*EXERCISE REQUIREMENTS*:
Starting from the line that contains "by apply/funext => b; apply/funext => c; rewrite /prform", reproduce each line exactly through the end of the material, and include no other lines.

'''

Lemma tpi_cvg xs ys : proj_tensor xs ys -> cvgn (series (fun n => mul (xs n) (ys n))).
Proof.
move=> xy_pt; apply: (series_cvg_dominated (c := 1)) xy_pt _ => //.
by move=> n; rewrite mul1r norm_mul_le.
Qed.

Section Derivation.
Variable D : A -> A -> K.
Hypothesis D_der : derivation_to_dual mul D.
Hypothesis jD_cont : jD_wstar_cont pr mul D.

Lemma D_bdd a : bdd_lin_fun (D a).
Proof. by case: D_der. Qed.

Lemma D_linr a : scalar_linear (D a).
Proof. exact: proj1 (D_bdd a). Qed.

Lemma D_linl (k : K) a b x : D (k *: a + b) x = k * D a x + D b x.
Proof. by case: D_der. Qed.

Lemma D_mul a b x : D (mul a b) x = D a (mul b x) + D b (mul x a).
Proof. by case: D_der. Qed.

Lemma D_bound : exists C, 0 <= C /\ forall a x, `|D a x| <= C * `|a| * `|x|.
Proof.
case: D_der => _ _ [C DC] _; exists `|C|; split => // a x.
by rewrite -mulrA ler_normM_bound ?mulr_ge0 // mulrA.
Qed.

(* [dform x] is the form F_x above, and [prform p] is pi^*(p) for p in A_*. *)
Definition dform (x : A) : A -> A -> K := fun b c => D b (mul c x).
Definition prform (p : P) : A -> A -> K := fun b c => pr (mul b c) p.

Lemma dform_bound : exists C, 0 <= C /\ forall x, bilin_bounded_by (dform x) (C * `|x|).
Proof.
have [C [C_ge0 DC]] := D_bound; exists C; split => // x b c.
apply: le_trans (DC _ _) _.
have -> : C * `|x| * `|b| * `|c| = C * `|b| * (`|c| * `|x|) by ring.
by rewrite ler_wpM2l ?mulr_ge0 ?norm_mul_le.
Qed.

Lemma bdd_bilin_dform x : bdd_bilin (dform x).
Proof.
have [C [_ dC]] := dform_bound.
split=> [k a b c|k a b c|]; last by exists (C * `|x|).
- exact: D_linl.
- by rewrite /dform mul_linl D_linr.
Qed.

Lemma bdd_bilin_prform p : bdd_bilin (prform p).
Proof.
split=> [k a b c|k a b c|]; rewrite /prform ?mul_linl ?mul_linr ?pr_linl //.
exists `|p| => b c; apply: le_trans (norm_pr_le _ _) _.
by rewrite -mulrA mulrC ler_wpM2l ?norm_mul_le.
Qed.

Lemma bdd_lin_fun_Phi_dform Phi :
  bdd_lin_funE Phi -> bdd_lin_fun (fun v => Phi (dform v)).
Proof.
move=> [Phi_lin [C' [_ Phi_bound]]]; have [C [_ dC]] := dform_bound.
split=> [k v w|].
  have -> : dform (k *: v + w) = fun b c => k * dform v b c + dform w b c.
    by apply/funext => b; apply/funext => c; rewrite /dform mul_linr D_linr.
  by rewrite Phi_lin //; apply: bdd_bilin_dform.
by exists (C' * C) => v; rewrite -mulrA Phi_bound //; apply: bdd_bilin_dform.
Qed.

Lemma Phi_prform_rep Phi :
  bdd_lin_funE Phi -> exists z, forall p, Phi (prform p) = pr z p.
Proof.
move=> [Phi_lin [C' [_ Phi_bound]]]; have [_ _ _ _ pr_onto] := prP.
have [|z Phi_z] := pr_onto (fun p => Phi (prform p)); last first.
  by exists z => p; rewrite Phi_z.
split=> [k p q|].
  have -> : prform (k *: p + q) = fun b c => k * prform p b c + prform q b c.
    by apply/funext => b; apply/funext => c; rewrite /prform pr_linr.
  by rewrite Phi_lin //; apply: bdd_bilin_prform.
exists C' => p; apply: Phi_bound; first exact: bdd_bilin_prform.
move=> b c; apply: le_trans (norm_pr_le _ _) _.
by rewrite -mulrA mulrC ler_wpM2l ?norm_mul_le.
Qed.

Lemma lact_E_dform w x : lact_E mul w (dform x) = dform (mul w x).
Proof. by apply/funext => b; apply/funext => c; rewrite /lact_E /dform mulA. Qed.

Lemma D_mul_rep w x : sigmawcA pr mul x -> exists q, forall v, D w (mul v x) = pr v q.
Proof.
move=> x_wc; apply: wstar_continuous_predual_rep => [k v v'|I le u a le_directed ua].
  by rewrite mul_linl D_linr.
by have [] := x_wc I le u a le_directed ua (D w) (D_bdd w).
Qed.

'''

*SOLUTION TO THE PROBLEM*:
    by apply/funext => b; apply/funext => c; rewrite /prform pr_linr.
  by rewrite Phi_lin //; apply: bdd_bilin_prform.
exists C' => p; apply: Phi_bound; first exact: bdd_bilin_prform.
move=> b c; apply: le_trans (norm_pr_le _ _) _.
by rewrite -mulrA mulrC ler_wpM2l ?norm_mul_le.
Qed.

Lemma lact_E_dform w x : lact_E mul w (dform x) = dform (mul w x).
Proof. by apply/funext => b; apply/funext => c; rewrite /lact_E /dform mulA. Qed.

Lemma D_mul_rep w x : sigmawcA pr mul x -> exists q, forall v, D w (mul v x) = pr v q.
Proof.
move=> x_wc; apply: wstar_continuous_predual_rep => [k v v'|I le u a le_directed ua].
  by rewrite mul_linl D_linr.
by have [] := x_wc I le u a le_directed ua (D w) (D_bdd w).
Qed.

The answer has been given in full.